I could tell he was put out; Bret lived to be noticed.
“So what happened to the cocoa?” I ask.
He sighs. “I weave the Canadian equivalent of Anna Karenina and you want to know what happened to the cocoa? I delivered it 20 minutes later. It was cold.”
“No complaints?”
“No. Cold cocoa is good for the soul. At least that’s what I told them. People generally accept anything if you quote something spiritual at them.”

And with that, Bret went back to the pantry with his flute and left me to see out a slow mid-week night-shift on my own. About an hour later I went up to the fourth floor to deliver a cheese plate and some wine to a couple from Holland and when I got back there was a note stuck to the phone.

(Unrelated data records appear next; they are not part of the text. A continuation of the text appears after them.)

(* For nu < mu, minimise the merit function x |-> N (g x - y) + nu * N x over the
   closed ball of radius rho.  Comparing with x = 0 gives nu * N x <= N y < nu * rho
   at a minimiser x, so x is interior.  If g x <> y, the Newton step
   x - t * Dg(x)^-1 (g x - y) multiplies the residual by 1 - t up to o(t) while
   increasing the penalty by at most t * (nu / mu) * N (g x - y), so the merit
   strictly decreases: a contradiction.  This gives solutions with
   nu * N x <= N y for every nu < mu, and a last compactness argument lets nu
   tend to mu.  Compactness and
   continuity come from the equivalence of N with the max norm of 'cV. *)

Section mx_norm_facts.
Variable R : realType.

Lemma mx_norm_entry_le m k (A : 'M[R]_(m, k)) i j : `|A i j| <= `|A|.
Proof.
rewrite [leRHS]/Num.norm /= mx_normrE.
exact: (le_bigmax _ (fun ij : 'I_m * 'I_k => `|A ij.1 ij.2|) (i, j)).
Qed.

Lemma mx_norm_le_entries m k (A : 'M[R]_(m, k)) b :
  0 <= b -> (forall i j, `|A i j| <= b) -> `|A| <= b.
Proof.
move=> b0 hA; rewrite [leLHS]/Num.norm /= mx_normrE.
by apply: bigmax_le => // ij _; apply: hA.
Qed.

Lemma mx_norm_trmx m k (A : 'M[R]_(m, k)) : `|A^T| = `|A|.
Proof.
apply/le_anti/andP; split; apply: mx_norm_le_entries => // i j.
  by rewrite mxE; apply: mx_norm_entry_le.
by have := mx_norm_entry_le A^T j i; rewrite mxE.
Qed.

Lemma mx_norm_mulmx_le m p k (A : 'M[R]_(m, p)) (B : 'M[R]_(p, k)) :
  `|A *m B| <= p%:R * `|A| * `|B|.
Proof.
apply: mx_norm_le_entries => [|i j]; first by rewrite !mulr_ge0 ?ler0n.
rewrite mxE; apply: le_trans (ler_norm_sum _ _ _) _.
apply: le_trans (_ : \sum_(l < p) `|A| * `|B| <= _); last first.
  by rewrite sumr_const card_ord mulr_natl mulrnAl.
by apply: ler_sum => l _; rewrite normrM ler_pM ?mx_norm_entry_le.
Qed.

Lemma trmx_continuous m k : continuous (@trmx R m k).
Proof.
move=> A; apply/(@cvgrPdist_lt _ _ _ _ (nbhs_filter A)) => e e0.
apply/(@nbhs_normP _ 'M[R]_(m, k)).
by exists e => //= B; rewrite -linearB /= mx_norm_trmx.
Qed.

Lemma cV_bounded_closed_compact k (A : set 'cV[R]_k) :
  bounded_set A -> closed A -> compact A.
Proof.
move=> bA cA.
have -> : A = trmx @` [set u : 'rV[R]_k | A u^T].
  apply/seteqP; split => [x Ax | _ [u Au <-] //].
  by exists x^T; rewrite /= trmxK.
apply: continuous_compact; first exact/continuous_subspaceT/trmx_continuous.
apply: bounded_closed_compact.
  case: bA => M [Mreal hM]; exists M; split => // r hr u Au.
  by rewrite /= -mx_norm_trmx; apply: hM.
by apply: preimage_closed => // u _; apply: trmx_continuous.
Qed.

End mx_norm_facts.

Section vector_norm.
Variables (R : realType) (n : nat) (N : 'cV[R]_n -> R).
Hypothesis normN : is_vnorm N.

Lemma normv_eq0 x : N x = 0 -> x = 0.
Proof. by case: normN => + _; apply. Qed.

Lemma normvZ a x : N (a *: x) = `|a| * N x.
Proof. by case: normN => _ [-> _]. Qed.

Lemma normvD x z : N (x + z) <= N x + N z.
Proof. by case: normN => _ [_ ->]. Qed.

Lemma normv0 : N 0 = 0.
Proof. by rewrite -(scale0r (0 : 'cV_n)) normvZ normr0 mul0r. Qed.

Lemma normvN x : N (- x) = N x.
Proof. by rewrite -scaleN1r normvZ normrN normr1 mul1r. Qed.

Lemma normv_ge0 x : 0 <= N x.
Proof. by have := normvD x (- x); rewrite subrr normv0 normvN; lra. Qed.

Lemma normv_gt0 x : x != 0 -> 0 < N x.
Proof.
move=> x0; rewrite lt_def normv_ge0 andbT.
by apply: contra_neq x0; apply: normv_eq0.
Qed.

Lemma normv_dist x z : `|N x - N z| <= N (x - z).
Proof.
have := normvD (x - z) z; have := normvD (z - x) x.
by rewrite !subrK -opprB normvN ler_norml; lra.
Qed.

Lemma normv_sum I (r : seq I) (P : pred I) (f : I -> 'cV[R]_n) :
  N (\sum_(i <- r | P i) f i) <= \sum_(i <- r | P i) N (f i).
Proof.
elim/big_rec2: _ => [|i a b _ hab]; first by rewrite normv0.
by apply: le_trans (normvD _ _) _; rewrite lerD2l.
Qed.

Lemma normv_le_mx_norm : exists2 C, 0 < C & forall x, N x <= C * `|x|.
Proof.
exists (\sum_(i < n) N (delta_mx i 0) + 1) => [|x].
  by rewrite ltr_wpDl ?sumr_ge0 // => i _; apply: normv_ge0.
rewrite mulrDl mul1r ler_wpDr ?normr_ge0 // mulr_suml.
rewrite {1}(matrix_sum_delta x).
under eq_bigr do rewrite big_ord1.
apply: le_trans (normv_sum _ _ _) _; apply: ler_sum => i _.
by rewrite normvZ mulrC ler_wpM2l ?normv_ge0 ?mx_norm_entry_le.
Qed.

Lemma nbhs_normv x (P : set 'cV[R]_n) d :
  0 < d -> (forall z, N (z - x) < d -> P z) -> nbhs x P.
Proof.
move=> d0 hP; have [C C0 hC] := normv_le_mx_norm.
apply/(@nbhs_normP _ 'cV[R]_n); exists (d / C) => [|z /= hz].
  by rewrite /= divr_gt0.
apply: hP; apply: le_lt_trans (hC _) _.
by rewrite -normrN opprB mulrC -ltr_pdivlMr.
Qed.

Lemma continuous_normv : continuous N.
Proof.
move=> x; apply/(@cvgrPdist_lt _ _ _ _ (nbhs_filter x)) => e e0.
apply: (nbhs_normv e0) => z hz; apply: le_lt_trans hz.
by rewrite distrC normv_dist.
Qed.

Lemma mx_norm_le_normv : exists2 c, 0 < c & forall x, c * `|x| <= N x.
Proof.
pose S := [set x : 'cV[R]_n | `|x| = 1].
have [S0|S_empty] := pselect (S !=set0); last first.
  exists 1 => // x; suff -> : x = 0 by rewrite normr0 mulr0 normv0.
  have [//|x0] := eqVneq x 0; rewrite -normr_eq0 in x0.
  case: S_empty; exists (`|x|^-1 *: x).
  by rewrite /S /= normrZ normfV normr_id mulVf.
have cS : compact S.
  apply: cV_bounded_closed_compact.
    by exists 1; split => // r r1 x /= ->; apply: ltW.
  apply: (@preimage_closed _ _ (fun x : 'cV[R]_n => `|x|) [set r | r = 1]).
    by move=> x _; apply: norm_continuous.
  exact: closed_eq.
have [xm Sxm xm_min] := compact_EVT_min S0 cS
  (continuous_subspaceT continuous_normv).
move: Sxm; rewrite inE /S /= => xm1.
have xm0 : xm != 0 by rewrite -normr_eq0 xm1 oner_neq0.
exists (N xm) => [|x]; first exact: normv_gt0.
have [->|x_neq0] := eqVneq x 0; first by rewrite normr0 mulr0 normv_ge0.
have nx0 : 0 < `|x| by rewrite normr_gt0.
have := xm_min (`|x|^-1 *: x); rewrite normvZ normfV normr_id mulrC ler_pdivlMr //.
by apply; rewrite inE /S /= normrZ normfV normr_id mulVf // gt_eqF.
Qed.

Lemma compact_normv_ball r : compact [set x | N x <= r].
Proof.
have [c c0 hc] := mx_norm_le_normv.
apply: cV_bounded_closed_compact.
  exists (r / c); split => [|M hM x /= hx]; first exact: num_real.
  by apply: le_trans (ltW hM); rewrite ler_pdivlMr // mulrC (le_trans (hc x)).
apply: (@preimage_closed _ _ N [set s | s <= r]) => [x _|]; last exact: closed_le.
exact: continuous_normv.
Qed.

Lemma continuous_at_normv (f : 'cV[R]_n -> 'cV[R]_n) x :
  (forall e, 0 < e -> exists2 d, 0 < d &
     forall z, N (z - x) < d -> N (f z - f x) < e) ->
  {for x, continuous f}.
Proof.
move=> hf; have [c c0 hc] := mx_norm_le_normv.
apply/(@cvgrPdist_lt _ _ _ _ (nbhs_filter x)) => e e0.
have [d d0 hd] := hf (c * e) (mulr_gt0 c0 e0).
apply: (nbhs_normv d0) => z /hd hz; rewrite distrC -(ltr_pM2l c0).
exact: le_lt_trans (hc _) hz.
Qed.

Lemma opnorm_mulmx_le (A : 'M[R]_n) v : N (A *m v) <= opnorm N A * N v.
Proof.
have [c c0 hc] := mx_norm_le_normv; have [C C0 hC] := normv_le_mx_norm.
(* Without an upper bound, [sup] would return a junk value. *)
have supA : has_sup [set N (A *m x) | x in [set x | N x <= 1]].
  split; first by exists (N (A *m 0)), 0; rewrite //= normv0.
  exists (C * (n%:R * `|A| / c)) => _ [x /= x1 <-].
  apply: le_trans (hC _) _; apply: ler_wpM2l; first exact: ltW.
  apply: le_trans (mx_norm_mulmx_le _ _) _.
  apply: ler_wpM2l; first by rewrite mulr_ge0 ?ler0n.
  by rewrite -[c^-1]mul1r ler_pdivlMr // mulrC (le_trans (hc x)).
have [->|v0] := eqVneq v 0; first by rewrite mulmx0 normv0 mulr0.
have Nv0 := normv_gt0 v0.
have normv_inv : `|(N v)^-1| = (N v)^-1 by rewrite ger0_norm // invr_ge0 ltW.
have u1 : [set x | N x <= 1] ((N v)^-1 *: v).
  by rewrite /= normvZ normv_inv mulVf // gt_eqF.
have := sup_upper_bound supA (imageP (fun x => N (A *m x)) u1).
by rewrite -scalemxAr normvZ normv_inv mulrC ler_pdivrMr.
Qed.

Lemma has_deriv_continuous (f : 'cV[R]_n -> 'cV[R]_n) x D :
  has_deriv N f x D -> {for x, continuous f}.
Proof.
move=> fD; apply: continuous_at_normv => e e0.
have [d d0 hd] := fD 1 ltr01.
have K0 : 0 < 1 + `|opnorm N D| by rewrite ltr_pwDl.
exists (Num.min d (e / (1 + `|opnorm N D|))) => [|z].
  by rewrite lt_min d0 divr_gt0.
rewrite lt_min ltr_pdivlMr // => /andP[zd ze].
have := hd _ zd; rewrite mul1r [x + _]addrC subrK => herr.
have hDz : N (D *m (z - x)) <= `|opnorm N D| * N (z - x).
  apply: le_trans (opnorm_mulmx_le _ _) _.
  by rewrite ler_wpM2r ?normv_ge0 ?ler_norm.
have := normvD (f z - f x - D *m (z - x)) (D *m (z - x)); rewrite subrK.
lra.
Qed.

Lemma continuous_within_residual (f : 'cV[R]_n -> 'cV[R]_n) y (k : R -> R)
    (B : set 'cV[R]_n) :
  (forall x, B x -> {for x, continuous f}) -> continuous k ->
  {within B, continuous (fun x => N (f x - y) + k (N x))}.
Proof.
move=> fB kc; apply: continuous_in_subspaceT => x; rewrite inE => /fB fx.
have res_x : {for x, continuous (fun z => N (f z - y))}.
  apply: continuous_comp; [exact: cvgB fx (cvg_cst y) | exact: continuous_normv].
have kN_x : {for x, continuous (fun z => k (N z))}.
  apply: continuous_comp; [exact: continuous_normv | exact: kc].
by apply: cvgD; [exact: nbhs_filter | exact: res_x | exact: kN_x].
Qed.

End vector_norm.

Lemma compact_approx_le0 (T : topologicalType) (R : realType) (K : set T)
    (h : T -> R) :
  compact K -> {within K, continuous h} ->
  (forall e, 0 < e -> exists2 x, K x & h x <= e) -> exists2 x, K x & h x <= 0.
Proof.
move=> cK ch happrox.
have K0 : K !=set0 by have [x Kx _] := happrox 1 ltr01; exists x.
have [x Kx x_min] := compact_EVT_min K0 cK ch.
exists x; first by rewrite -inE.
apply/ler_addgt0Pr => e e0; have [z Kz hz] := happrox e e0.
by rewrite add0r (le_trans (x_min z _)) ?inE.
Qed.

Lemma newton_step_residual (R : realType) (n : nat) (N : 'cV[R]_n -> R)
    (g : 'cV[R]_n -> 'cV[R]_n) (y z : 'cV[R]_n) (D : 'M[R]_n) (eps : R) :
  is_vnorm N -> has_deriv N g z D -> D \in unitmx -> 0 < eps ->
  let v := invmx D *m (g z - y) in
  exists2 dl, 0 < dl & forall t, 0 < t -> t <= 1 -> t * N v < dl ->
    N (g (z - t *: v) - y) <= (1 - t) * N (g z - y) + eps * (t * N v).
Proof.
move=> normN gD Dunit eps0 v.
have [dl dl0 hdl] := gD eps eps0.
exists dl => // t t0 t1 tv.
have Ntv : N (- (t *: v)) = t * N v by rewrite normvN // normvZ // gtr0_norm.
have := hdl (- (t *: v)); rewrite Ntv => /(_ tv) herr.
have Dtv : D *m (- (t *: v)) = - (t *: (g z - y)).
  by rewrite mulmxN -scalemxAr mulKVmx.
have -> : g (z - t *: v) - y =
    (g (z - t *: v) - g z - D *m (- (t *: v))) + (1 - t) *: (g z - y).
  by rewrite Dtv; apply/matrixP => i j; rewrite !mxE; ring.
apply: le_trans (normvD normN _ _) _; rewrite normvZ // ger0_norm ?subr_ge0 //.
by rewrite addrC lerD2l.
Qed.

Lemma newton_step_decrease (R : realType) (n : nat) (N : 'cV[R]_n -> R)
    (g : 'cV[R]_n -> 'cV[R]_n) (y z : 'cV[R]_n) (D : 'M[R]_n) (mu nu : R) :
  is_vnorm N -> 0 <= nu -> nu < mu ->
  has_deriv N g z D -> D \in unitmx -> opnorm N (invmx D) <= 1 / mu ->
  g z != y -> forall r, 0 < r -> exists2 w, N (w - z) < r &
    N (g w - y) + nu * N w < N (g z - y) + nu * N z.
Proof.
move=> normN nu0 nu_mu gD Dunit Dinv gzy r r0.
have mu0 : 0 < mu by apply: le_lt_trans nu_mu.
have res0 : 0 < N (g z - y) by rewrite normv_gt0 // subr_eq0.
have eps0 : 0 < (mu - nu) / 2 by rewrite divr_gt0 // subr_gt0.
have [dl dl0] := newton_step_residual y normN gD Dunit eps0.
set v := invmx D *m (g z - y) => hdl.
have Nv : N v * mu <= N (g z - y).
  rewrite -ler_pdivlMr //; apply: le_trans (opnorm_mulmx_le normN _ _) _.
  by rewrite mulrC ler_wpM2l ?normv_ge0 // -div1r.
have Nv_lt : N v * (mu + nu) < 2 * N (g z - y).
  rewrite -(ltr_pM2l mu0).
  have : N v * mu * (mu + nu) <= N (g z - y) * (mu + nu).
    by apply: ler_wpM2r => //; lra.
  have : N (g z - y) * (mu + nu) < N (g z - y) * (2 * mu).
    by rewrite ltr_pM2l //; lra.
  lra.
pose m := Num.min dl r.
have m_dl : m <= dl by rewrite ge_min lexx.
have m_r : m <= r by rewrite ge_min lexx orbT.
have Nv1 : 0 < N v + 1 by rewrite ltr_wpDl ?normv_ge0.
pose t := Num.min 1 (m / (N v + 1)).
have t0 : 0 < t by rewrite lt_min ltr01 divr_gt0 // lt_min dl0.
have t1 : t <= 1 by rewrite ge_min lexx.
have tv : t * N v < m.
  have : t * (N v + 1) <= m by rewrite -ler_pdivlMr // ge_min lexx orbT.
  lra.
exists (z - t *: v).
  rewrite addrAC subrr add0r normvN // normvZ // gtr0_norm //.
  exact: lt_le_trans tv m_r.
have := hdl t t0 t1 (lt_le_trans tv m_dl).
have : nu * N (z - t *: v) <= nu * (N z + t * N v).
  apply: ler_wpM2l => //.
  by have := normvD normN z (- (t *: v)); rewrite normvN // normvZ // gtr0_norm.
have : t * (N v * (mu + nu)) < t * (2 * N (g z - y)) by rewrite ltr_pM2l.
lra.
Qed.

Lemma exists_solution_slack (R : realType) (n : nat) (N : 'cV[R]_n -> R)
    (g : 'cV[R]_n -> 'cV[R]_n) (Dg : 'cV[R]_n -> 'M[R]_n) (y : 'cV[R]_n)
    (rho mu nu : R) :
  is_vnorm N -> 0 <= nu -> nu < mu -> g 0 = 0 ->
  (forall x, N x <= rho -> has_deriv N g x (Dg x)) ->
  (forall x, N x <= rho ->
     Dg x \in unitmx /\ opnorm N (invmx (Dg x)) <= 1 / mu) ->
  N y < nu * rho ->
  exists x, g x = y /\ nu * N x <= N y.
Proof.
move=> normN nu0 nu_mu g0 gD Dg_inv y_rho.
pose B := [set x | N x <= rho].
have rho0 : 0 <= rho by have := normv_ge0 normN y; nra.
have phi_cont : {within B, continuous (fun x => N (g x - y) + nu * N x)}.
  apply: (continuous_within_residual normN (k := *%R nu)) => [x Bx|].
    by have := has_deriv_continuous normN (gD x Bx); apply.
  exact: mulrl_continuous.
have B_0 : B 0 by rewrite /B /= normv0.
have [x Bx x_min] := compact_EVT_min (ex_intro _ 0 B_0)
  (compact_normv_ball normN (r := rho)) phi_cont.
move: Bx; rewrite inE => Bx.
have phix : N (g x - y) + nu * N x <= N y.
  have := x_min 0 (mem_set B_0).
  by rewrite g0 sub0r normvN // normv0 // mulr0 addr0.
exists x; split; last by have := normv_ge0 normN (g x - y); lra.
apply/eqP/negPn/negP => gxy.
have x_rho : 0 < rho - N x by have := normv_ge0 normN (g x - y); nra.
have [uDx invDx] := Dg_inv x Bx.
have [w wx phiw] :=
  newton_step_decrease normN nu0 nu_mu (gD x Bx) uDx invDx gxy x_rho.
have Bw : B w by have := normvD normN (w - x) x; rewrite subrK /B /=; lra.
by have := x_min w (mem_set Bw); lra.
Qed.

“Clocked off early darling. Sleep needs me. Catch you.”

But I never did see Bret in a kitchen, a banquet hall or behind a bar again. The man who had kept me sane and highly entertained through so many shifts vanished from the Melbourne hospitality scene. Our paths didn’t cross again in uniform and we hadn’t exchanged numbers or details of any sort. All we’d shared was the here and now.

A couple of months later, not long before leaving Australia, I was walking through my neighbourhood, weaving round the blocks, working out some song ideas in my head when there he was, Bret, looking strangely civilian-like, dressed, not in black with a white shirt and a waistcoat, but in jeans and a hoodie. Turns out he lived just round the corner from me in a building I often looked up at and admired; a magnificent three story Victorian house with wrought iron balconies marred by two satellite dishes and a scattering of chained up bikes. He told me he’d been back from his Kontiki tour for a few weeks now and was trying to get into some sort of marketing course at uni. He was playing flute in an amateur orchestra and thought he might go back and do just a few more hotel shifts to tide him over. We stood on the pavement under a large overhanging bush spilling over a garden fence and quickly ran out of things to say. There was no one to bitch about, no common anecdotes to dissect and no one to observe. Our conversation ran dry. We walked off in opposite directions, waved and said we’d no doubt bump into one another again. That was the last time I saw him.